Eleanor, Karl Marx’s youngest daughter and one of his closest confidants, lived a life worthy of a Sub Pop soundtrack. She liked to play in her father’s office while he wrote “Das Kapital” and became his secretary at 16. Around the same time, the family took in Prosper-Olivier Lissagaray, a journalist who was exiled from France for his participation in the Paris Commune. At 17, Eleanor fell in love with the 35-year-old Lissagaray, who continued living with the Marx family for nearly a decade despite the family’s initial disapproval of the match. She and her father helped Lissagaray write “History of the Paris Commune of 1871,” but she broke it off in 1882 and her father died not long thereafter.

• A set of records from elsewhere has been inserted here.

(* On a positive solution [psi' = U / cos psi = height / cos psi = 1 / xi_rate psi]. *)
Lemma xi_of_psi_sol c a b U : sol a b U -> first_int c a b U -> 1 < c ->
  (forall x, a < x < b -> 0 < U x) ->
  exists K, forall x, a < x < b -> xi_of_psi c (psi U x) = x + K.
Proof.
  intros Hs Hf Hc Hpos. pose proof (proj1 Hs) as Hab. set (m := (a + b) / 2).
  exists (xi_of_psi c (psi U m) - m). intros x Hx.
  enough (xi_of_psi c (psi U x) - x = xi_of_psi c (psi U m) - m) by lra.
  apply (const_of_is_derive_0 (fun y => xi_of_psi c (psi U y) - y) a b); [| exact Hx | unfold m; lra].
  intros z Hz. destruct (is_derive_psi U z (proj2 Hs z Hz)) as [d [Hd Ed]].
  pose proof (is_derive_comp (xi_of_psi c) (psi U) z _ _ (is_derive_xi_of_psi c Hc _) Hd) as H1.
  pose proof (is_derive_minus _ _ z _ _ H1 (is_derive_id z)) as H2.
  replace 0 with (minus (scal d (xi_rate c (psi U z))) one); [exact H2 |].
  unfold scal, minus, plus, opp, one; simpl; unfold mult; simpl.
  unfold xi_rate. rewrite <- (first_int_height c a b U z Hf Hz (Hpos z Hz)).
  pose proof (Hpos z Hz). rewrite <- Ed in *.
  assert (cos (psi U z) <> 0 /\ d <> 0) as [] by (split; intros E; rewrite E in *; lra).
  field. split; assumption.
Qed.

Lemma psi_opp U x : psi (fun y => - U y) x = - psi U x.
Proof. unfold psi. rewrite Derive_opp. apply atan_opp. Qed.

Lemma Derive_opp_fun (U : R -> R) : Derive (fun x => - U x) = fun x => - Derive U x.
Proof. apply functional_extensionality. intros; apply Derive_opp. Qed.

Lemma sol_opp a b U : sol a b U -> sol a b (fun x => - U x).
Proof.
  intros [Hab Hs]. split; [exact Hab |]. intros x Hx. destruct (Hs x Hx) as [H1 [H2 [H3 H4]]].
  rewrite !Derive_opp_fun. split; [| split; [| split]].
  - now auto_derive.
  - now auto_derive.
  - now apply (continuous_opp (K := R_AbsRing) (V := R_NormedModule)).
  - apply is_derive_opp in H4. apply (is_derive_ext (fun y => - sin (psi U y))); [| exact H4].
    intros t. now rewrite psi_opp, sin_neg.
Qed.

Lemma first_int_opp c a b U : first_int c a b U -> first_int c a b (fun x => - U x).
Proof. intros Hf x Hx. rewrite psi_opp, cos_neg. specialize (Hf x Hx). lra. Qed.

Lemma pos_sol_length_lt a b c U : sol a b U -> first_int c a b U -> 1 < c ->
  (forall x, a < x < b -> 0 < U x) -> b - a < sqrt (2 / (c - 1)).
Proof.
  intros Hs Hf Hc Hp. pose proof PI_RGT_0.
  destruct (xi_of_psi_sol c a b U Hs Hf Hc Hp) as [K HK].
  assert (Hin : forall x, a < x < b -> xi_of_psi c (-(PI/2)) < x + K < xi_of_psi c (PI/2)).
  { intros x Hx. rewrite <- HK by exact Hx. pose proof (psi_bound U x).
    split; apply xi_of_psi_incr; lra. }
  destruct (interval_shift_bounds a b K _ _ (proj1 Hs) Hin).
  pose proof (xi_of_psi_range_lt c Hc). lra.
Qed.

In “Miss Marx,” those experiences receive only oblique reference. Instead, her father’s death kicks off the film and Nicchiarelli’s screenplay opts to dramatize what would become Eleanor’s last act: Everything hinging on the way she was treated by her really shitty “husband,” Darwinian biologist Edward Aveling. As the film opens and Eleanor eulogizes her father at her parents’ shared grave, Nicchiarelli cleverly twists an obvious idea — that Eleanor, now the most important member of the family, is doomed to live in the shadow of her father — into something even more personal: She’s doomed to live in the shadow of her parents’ epic love story. No wonder she falls so hard and so fast for the sniveling Aveling (Patrick Kennedy), who at least seems to be in possession of a brain big enough to match hers. Eleanor is expected to hold her family together, a role with which she seems familiar. She splits her time being stuck inside the cramped family home — “Miss Marx” nails the look and feel of stuffy, less-than-prosperous London in the late 19th century — and hitting the bricks to spread the socialist message of worker’s rights, where she keeps crossing paths with writer and thinker (ugh) Aveling. Soon enough (far too soon, really), they are in a whirlwind love story, traipsing across England and America in service to the party and each other. While “Miss Marx” doesn’t break out of its genre constraints when it comes to Eleanor’s personal life, Nicchiarelli manages some verve when her heroine is out working, interspersing vintage stock footage of impoverished workers with Garai’s own fourth wall-breaking monologues on her ideals. There’s pep there, and originality, but it — much like Eleanor herself — is soon given over to Edward’s caddish charms.

Kennedy’s role is tricky one. He turns in a coolly conniving performance, briefly appealing to Eleanor (and the audience) with his outspoken manner, before revealing himself to be world-class jerk. By then, it’s too late for Eleanor, and even as her closest friends and compatriots gently endeavor to make her see his true nature, she refuses. Instead, she opts to live with Edward as his wife — even though they can’t actually get married because his first wife won’t divorce him, despite the fact that it means losing close friends. Eleanor, it seems, is hellbent on breaking out of the conventional roles that have defined her life. Despite being born into one of the modern era’s great thinking families, Eleanor (or “Tussy” as her family has long called her, though she has no idea why) has been expected to take on rigid caregiving roles with nearly everyone in her orbit. No wonder she’s so inspired by worker’s rights and the promise of feminism; she needs them almost more than the people to whom she’s preaching. It’s a big idea, and one that “Miss Marx” only bumps up against intermittently, instead often choosing the most rote and well-tread path to tell its story. Garai’s explosive performance and Nicchiarelli’s oddly restrained film come together in at least one glorious moment, the sort hinted at during those rollicking open credits, as Eleanor finally lets loose to a soundtrack provided by the anachronistic Rhode Island punk band Downtown Boys. It’s vibrant, wild, genius, all the things that Eleanor Marx should be remembered for, and all the things that “Miss Marx” is so shy about delivering, no matter how punk rock a story it seems to think it’s telling.